ALPACA builds on our growing understanding of how networks define phenotype. Differential expression is driven by changes in the activity and structure of gene regulatory networks. But adding or subtracting edges does more than change individual regulatory interactions. With enough individual changes occurring in the right places in the starting network, changes in edges can lead to the creation or destruction of functional communities of genes and their regulators. While the global structure of the network may be largely unchanged, these new functional communities provide insight into coherent processes that differentiate one phenotype from another.

Consistent with this, we found that standard differential expression analysis was unable to detect enrichment in many of the biological functions found using ALPACA. This is because network-level analysis, and ALPACA in particular, helps organize both strongly and weakly differentially expressed genes into new modules that are under common regulatory control, identifying signaling pathways that could not have been distinguished if genes were ranked purely by differential expression. Moreover, ALPACA can also find the TFs that likely regulate these pathways but are not themselves differentially expressed. In addition, we found that the average magnitude of the Pearson correlation coefficient among genes in an ALPACA module ranged from 0.06 to 0.34, suggesting that ALPACA provides insights that go beyond correlation-based clustering of gene expression profiles.

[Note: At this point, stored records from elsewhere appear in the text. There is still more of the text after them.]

(* Let $\Delta v>0$, $v_j=j\Delta v$ ($j\in\mathbb{Z}$), $v_{j+1/2}=(v_j+v_{j+1})/2$. For a real sequence $(f_j)_{j\in\mathbb{Z}}$ (with all sums below absolutely convergent, $n>0$, positive temperatures) define $$\breve f_{j+1/2}=-\tfrac{1}{16}f_{j-1}+\tfrac{9}{16}f_j+\tfrac{9}{16}f_{j+1}-\tfrac{1}{16}f_{j+2},$$ $$n=\Delta v\sum_j f_j,\qquad n\breve u=\Delta v\sum_j v_{j+1/2}\breve f_{j+1/2},\qquad n\breve T=\Delta v\sum_j (v_{j+1/2}-\breve u)^2\breve f_{j+1/2},$$ $$\bar Q^{[4]}_j=\frac{(v_{j+1/2}-\breve u)\breve f_{j+1/2}-(v_{j-1/2}-\breve u)\breve f_{j-1/2}}{\Delta v}+\breve T\,\frac{-f_{j-2}+28f_{j-1}-54f_j+28f_{j+1}-f_{j+2}}{24\Delta v^2}.$$ Let also $f_{j+1/2}=(f_{j+1}+f_j)/2$, $n\tilde u=\sum_j v_{j+1/2}f_{j+1/2}\Delta v$, $n\tilde T=\sum_j (v_{j+1/2}-\tilde u)^2f_{j+1/2}\Delta v$ and $$Q_j=\frac{1}{\Delta v}\Big[f_{j+1/2}(v_{j+1/2}-\tilde u)-f_{j-1/2}(v_{j-1/2}-\tilde u)\Big]+\frac{\tilde T}{\Delta v^2}(f_{j+1}-2f_j+f_{j-1}),$$ and define $$Q^{[4]}_j=\bar Q^{[4]}_j-\frac{1}{24}\big[Q_{j+1}-2Q_j+Q_{j-1}\big].$$ Then: (i) if $f_j=f(v_j)$ for a smooth, sufficiently rapidly decaying function $f$, one has $Q(f)(v_j)-Q^{[4]}_j=\mathcal{O}(\Delta v^4)$, where $Q(f)=\partial_v\big((v-u_f)f+T_f\partial_vf\big)$ with $n_f=\int f\,dv$, $n_fu_f=\int vf\,dv$, $n_fT_f=\int|v-u_f|^2f\,dv$; and (ii) for every such sequence, $$\sum_j Q^{[4]}_j\begin{pmatrix}1\\ v_j\\ v_j^2/2\end{pmatrix}\Delta v=\begin{pmatrix}0\\0\\0\end{pmatrix}.$$
   Context: This is a fourth-order velocity discretization of the one-dimensional Fokker--Planck operator $Q(f)=\partial_v\big((v-u_f)f+T_f\partial_v f\big)$. *)

From Stdlib Require Import Reals ZArith.
From Coquelicot Require Import Coquelicot.
Open Scope R_scope.

Definition zsummable (a : Z -> R) : Prop :=
  ex_series (fun k : nat => Rabs (a (Z.of_nat k))) /\
  ex_series (fun k : nat => Rabs (a (- Z.of_nat k - 1)%Z)).

Definition zsum (a : Z -> R) : R :=
  Series (fun k : nat => a (Z.of_nat k)) +
  Series (fun k : nat => a (- Z.of_nat k - 1)%Z).

Definition vj (dv : R) (j : Z) : R := IZR j * dv.
Definition vhalf (dv : R) (j : Z) : R := (vj dv j + vj dv (j + 1)) / 2.

Definition fbreve (f : Z -> R) (j : Z) : R :=
  - (1/16) * f (j - 1)%Z + (9/16) * f j + (9/16) * f (j + 1)%Z
  - (1/16) * f (j + 2)%Z.

Definition dens (dv : R) (f : Z -> R) : R := dv * zsum f.

Definition ubreve (dv : R) (f : Z -> R) : R :=
  dv * zsum (fun j => vhalf dv j * fbreve f j) / dens dv f.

ALPACA requires a minimum input of two graphs and could be applied to many types of biological networks, including metabolic, PPI, and expression Quantitative Trait Loci (eQTL) networks, all of which exhibit highly functional modular structures.9,43,44 For example, we could imagine applying ALPACA to compare community structure in PPI networks with mutation-driven “edgetic” perturbations, in order to discover functional changes in protein complexes and signaling associated with disease.45 ALPACA could also be applied to compare eQTL networks in patient cohorts with differing pathologies to prioritize sets of SNPs and genes that influence complex traits. Any of these ALPACA modules could be interrogated for disease association using data from genome-wide association studies.46

As is true of all methods, some of the general difficulties in community detection will affect the performance of ALPACA. Many real-world networks, including those found in biology, do not have one clearly superior community partition, but instead exhibit a complex landscape of near-optimal community structures.47 A number of studies have found that ensemble methods can help identify robust communities in this landscape.48,49 In ALPACA, we use CONDOR to detect communities in the baseline network, and this is a deterministic method that finds one of the high-scoring partitions of the network. We then optimize the differential modularity using the Louvain method, which is stochastic and can access many near-optimal solutions. The performance of ALPACA could potentially be improved by employing a consensus approach in both these steps.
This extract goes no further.